# Basement Shelving



## JakSuede (Jul 14, 2007)

*Link*

This might be helpful:
http://www.naturalhandyman.com/iip/infshe/infshe3.html


----------



## RippySkippy (Feb 9, 2007)

Details would be good, like what you plan on storing, if it's general household "stuff", I don't used full 2x4's any more, rather rip them in half, and screw them together, don't nail. Use the star or torx drive screws. 

At the intersection of framing material, reinforce them with small gusset of plywood or metal it doesn't matter. Make sure you screw your plywood to the framing...it's a key part to making the unit strong, so it doesn't rack. If you have to, fasten it to the floor joist to keep it solid. 
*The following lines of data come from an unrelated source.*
(* Let $S$ be a profinite semigroup and let $\mathscr F$ be a fundamental system of entourages for $S$ consisting of open fully invariant congruences. For $\rho\in\mathscr F$, let $r_\rho\colon \operatorname{End} S\to \operatorname{End}(S/\rho)$ be the natural map sending $f$ to the induced endomorphism $[s]_\rho\mapsto [f(s)]_\rho$. Then $r_\rho$ is continuous (with $\operatorname{End} S$ carrying the compact-open topology), so its kernel $\widehat\rho=\{(f,g): r_\rho(f)=r_\rho(g)\}$ is an open congruence on $\operatorname{End} S$. Setting $\widehat{\mathscr F}=\{\widehat\rho\mid \rho\in\mathscr F\}$, one has $$\operatorname{End} S\cong \varprojlim_{\widehat\rho\in\widehat{\mathscr F}} \operatorname{End} S/\widehat\rho .$$ Analogously, if $\mathscr F$ is a fundamental system of entourages for $S$ consisting of open characteristic congruences, then the corresponding maps $r_\rho\colon\operatorname{Aut} S\to\operatorname{Aut}(S/\rho)$ are continuous, their kernels $\widehat\rho$ are open congruences on $\operatorname{Aut} S$, and $\operatorname{Aut} S\cong\varprojlim_{\widehat\rho\in\widehat{\mathscr F}}\operatorname{Aut} S/\widehat\rho$.
   Context: $\operatorname{End} S$ is the monoid of continuous endomorphisms and $\operatorname{Aut} S$ the group of continuous automorphisms of $S$, with the compact-open topology. A congruence $\rho$ on $S$ is open if it is an open subset of $S\times S$; fully invariant if for every continuous endomorphism $f$ of $S$, $(x,y)\in\rho$ implies $(f(x),f(y))\in\rho$; characteristic if the same holds for every continuous automorphism $f$. A fundamental system of entourages for $S$ is a family of such congruences such that every open congruence on $S$ contains one of them. The projective limit is taken over $\widehat{\mathscr F}$ ordered by inclusion, with the natural quotient maps, and the isomorphism is induced by the canonical maps $\operatorname{End} S\to \operatorname{End} S/\widehat\rho$. *)

From HB Require Import structures.
From mathcomp Require Import all_boot all_order all_algebra.
From mathcomp Require Import all_classical all_reals all_analysis.
Set Implicit Arguments. Unset Strict Implicit. Unset Printing Implicit Defensive.
Local Open Scope classical_set_scope.

Section Defs.
Context {S : topologicalType}.
Variable mul : S -> S -> S.

Definition profinite_semigroup :=
  [/\ associative mul,
      continuous (fun p : S * S => mul p.1 p.2),
      compact [set: S], hausdorff_space S & totally_disconnected [set: S]].

Definition congruence (rho : set (S * S)) :=
  [/\ forall x, rho (x, x),
      forall x y, rho (x, y) -> rho (y, x),
      forall x y z, rho (x, y) -> rho (y, z) -> rho (x, z) &
      forall x y z w, rho (x, y) -> rho (z, w) -> rho (mul x z, mul y w)].

Definition is_hom (f : S -> S) := forall x y, f (mul x y) = mul (f x) (f y).

Definition EndS : set (S -> S) := [set f | continuous f /\ is_hom f].

Definition AutS : set (S -> S) :=
  [set f | [/\ continuous f, is_hom f &
            exists g : S -> S, [/\ continuous g, cancel f g & cancel g f]]].

Definition fully_invariant (rho : set (S * S)) :=
  forall f, EndS f -> forall x y, rho (x, y) -> rho (f x, f y).

Definition characteristic (rho : set (S * S)) :=
  forall f, AutS f -> forall x y, rho (x, y) -> rho (f x, f y).

Definition fundamental_system (P : set (S * S) -> Prop)
    (F : set (set (S * S))) :=
  (forall rho, F rho -> [/\ open rho, congruence rho & P rho]) /\
  (forall sigma : set (S * S), open sigma -> congruence sigma ->
     exists2 rho, F rho & rho `<=` sigma).

Variable M : set (S -> S).

Definition M_open (U : set (S -> S)) :=
  exists V : set {compact-open, S -> S}, open V /\ U = V `&` M.

Definition M2_open (sigma : set ((S -> S) * (S -> S))) :=
  forall f g, sigma (f, g) ->
    exists U V, [/\ M_open U, M_open V, U f, V g &
                  forall f' g', U f' -> V g' -> sigma (f', g')].

Definition M_congruence (sigma : set ((S -> S) * (S -> S))) :=
  [/\ forall f g, sigma (f, g) -> M f /\ M g,
      forall f, M f -> sigma (f, f),
      forall f g, sigma (f, g) -> sigma (g, f),
      forall f g h, sigma (f, g) -> sigma (g, h) -> sigma (f, h) &
      forall f g h k, sigma (f, g) -> sigma (h, k) -> sigma (f \o h, g \o k)].

(** r_rho f = r_rho g  iff  the induced maps [s] |-> [f s], [s] |-> [g s] on S/rho
    coincide, i.e. rho (f s, g s) for all s.  rhat rho is the kernel of r_rho. *)
Definition rhat (rho : set (S * S)) : set ((S -> S) * (S -> S)) :=
  [set p | [/\ M p.1, M p.2 & forall s, rho (p.1 s, p.2 s)]].

(** r_rho : M -> End(S/rho) is continuous; S/rho is finite discrete (rho open,
    S compact), so End(S/rho) with the compact-open topology is discrete and
    continuity means that the fibres of r_rho are open in M. *)
Definition r_continuous (rho : set (S * S)) :=
  forall f, M f -> M_open [set g | rhat rho (f, g)].

(** An element of the limit is a family c assigning to each sigma in Fh a
    sigma-class c sigma (a subset of M), compatible with the bonding maps
    M/sigma -> M/tau for sigma included in tau; c is empty off Fh. *)
Variable Fh : set (set ((S -> S) * (S -> S))).

Definition is_class (sigma : set ((S -> S) * (S -> S))) (C : set (S -> S)) :=
  exists2 f, M f & C = [set g | sigma (f, g)].

Definition family := set ((S -> S) * (S -> S)) -> set (S -> S).

Definition proj_lim (c : family) :=
  [/\ forall sigma, Fh sigma -> is_class sigma (c sigma),
      forall sigma tau, Fh sigma -> Fh tau -> sigma `<=` tau ->
                        c sigma `<=` c tau &
      forall sigma, ~ Fh sigma -> c sigma = set0].

Definition lim_mul (c d : family) : family := fun sigma =>
  [set h | Fh sigma /\
     exists x y, [/\ c sigma x, d sigma y & sigma (x \o y, h)]].

(** open sets of the limit: subspace topology of the product of the discrete
    spaces M/sigma *)
Definition lim_open (W : set family) :=
  W `<=` proj_lim /\
  forall c, W c -> exists J : set (set ((S -> S) * (S -> S))),
    [/\ finite_set J, J `<=` Fh &
        forall c', proj_lim c' -> (forall sigma, J sigma -> c' sigma = c sigma) ->
                   W c'].

Definition canon (f : S -> S) : family := fun sigma =>
  [set g | Fh sigma /\ sigma (f, g)].

Definition canon_iso :=
  [/\ forall f, M f -> proj_lim (canon f),
      forall f g, M f -> M g -> canon f = canon g -> f = g,
      forall c, proj_lim c -> exists2 f, M f & canon f = c,
      forall f g, M f -> M g -> canon (f \o g) = lim_mul (canon f) (canon g) &
      forall U, U `<=` M -> (M_open U <-> lim_open (canon @` U))].

End Defs.

Definition limit_conclusion {S : topologicalType} (M : set (S -> S))
    (F : set (set (S * S))) :=
  (forall rho, F rho ->
     [/\ r_continuous M rho, M_congruence M (rhat M rho)
       & M2_open M (rhat M rho)]) /\
  canon_iso M [set rhat M rho | rho in F].

(* A profinite semigroup is zero-dimensional, so a compact set C inside an open
   set O lies in a clopen set W inside O; by a tube-lemma argument over the
   compact space S, the syntactic congruence of W is open. Hence the members of
   F separate points, and every open O containing a compact C contains the
   rho-saturation of C for some rho in F. The first fact makes every family of
   endomorphisms that is compatible modulo the members of F converge pointwise
   to a continuous endomorphism, which gives surjectivity onto the projective
   limit; the second identifies the compact-open topology with uniform
   convergence modulo F, which makes the kernels of the r_rho open and the
   canonical map a homeomorphism. For Aut S, the inverses of a compatible
   family of automorphisms are compatible again, and their limit inverts the
   limit of the family. *)

From HB Require Import structures.
From mathcomp Require Import all_boot all_order all_algebra.
From mathcomp Require Import all_classical all_reals all_analysis.
From mathcomp Require Import Rstruct finmap.

Set Implicit Arguments. Unset Strict Implicit. Unset Printing Implicit Defensive.
Local Open Scope classical_set_scope.

(** * Compact zero-dimensional spaces *)

Section CompactSpaces.
Context {T : topologicalType}.

Lemma compact_fset_cover (A : set T) (U : T -> set T) :
  compact A -> (forall p, A p -> nbhs p (U p)) ->
  exists D : {fset T}, A `<=` \bigcup_(p in [set` D]) U p.
Proof.
move=> /compact_near_coveringP cA AU.
pose G := filter_from [set: {fset T}] (fun D0 => [set D : {fset T} | (D0 `<=` D)%fset]).
have FG : Filter G.
  apply: filter_from_filter; first by exists fset0.
  move=> D1 D2 _ _; exists (D1 `|` D2)%fset => // D /=.
  by rewrite fsubUset => /andP[].
have near_cover x : A x ->
    \forall x' \near x & D \near G, (\bigcup_(p in [set` D]) U p) x'.
  move=> Ax; exists (U x, [set D : {fset T} | x \in D]); first split.
  - exact: AU.
  - by exists [fset x]%fset => // D /= /fsubsetP; apply; rewrite inE.
  - by move=> [x' D] [/= Ux' xD]; exists x.
have [D0 _ sub] := cA _ G _ FG near_cover.
by exists D0; apply: (sub D0); rewrite /= fsubset_refl.
Qed.

Lemma open_fbigcap (I : choiceType) (D : {fset I}) (f : I -> set T) :
  (forall i, i \in D -> open (f i)) -> open (\bigcap_(i in [set` D]) f i).
Proof.
move=> fo; rewrite openE => x fx; apply: filter_bigI => i iD.
by apply: open_nbhs_nbhs; split; [exact: fo|exact: fx].
Qed.

Definition quasi_component (x : T) := \bigcap_(U in [set U | clopen U /\ U x]) U.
Don't put the stringers on the edge of he plywood, but move them in and you can support a lot more with less framing.

When you decide on a width of shelving, plan the size to minimize waste, for example if you use 2 foot wide, you can get two shelves from 4' material. If you choose 32" wide, you can use the two cut offs to make a shelf rather than having waste.


----------



## crecore (Nov 2, 2005)

I winged some shelves similar to the link suede sent. I framed and ply'd the shelves in the garage and carried them all down. I screwed them to the uprights, stood up, squared and then braced. I built about 7 in the course of a weekend while cleaning and organizing. I made different sizes and strengths customized for each thing... gallons of paint, storage totes, nails and screws, etc. to make efficient use of material.

A good tip for racking is screw some triangular pieces of thin plywood/osb/ whatever to the back corners.

You can sometimes also get cover sheets for reduced cost (or free) at local lumber yards. This is what I did.


----------



## duknut (Feb 3, 2008)

*quick basement shelving*

i use full-length 2x2's. and 4x8 sheets of 3/8" composite board. 

i meaured from the underlayment above to the basement floor and cut the 2x2's to length.

i screwed one end to the floor joyce(?) nearest the wall.

had the store cut 4x8 sheet of heavy 3/8" composite board lengthwise in half.

screwed another cut 2x2, nearest wall 8' from the first.

measured 2' from the inside of each of the fastened 2x2's along same joyces. perpendicular to the wall.

screwed 2 more 2x2's at those locations.

screwed 2x2's across the suspended pieces forming a lateral rail between them running parallel with the wall.

do this from the floor upwards re: spacing of the shelves.

i was able to get 3 tiers out of mine.

simply slide the 2' wide x 8' lengths of board along the rails

that's it.


----------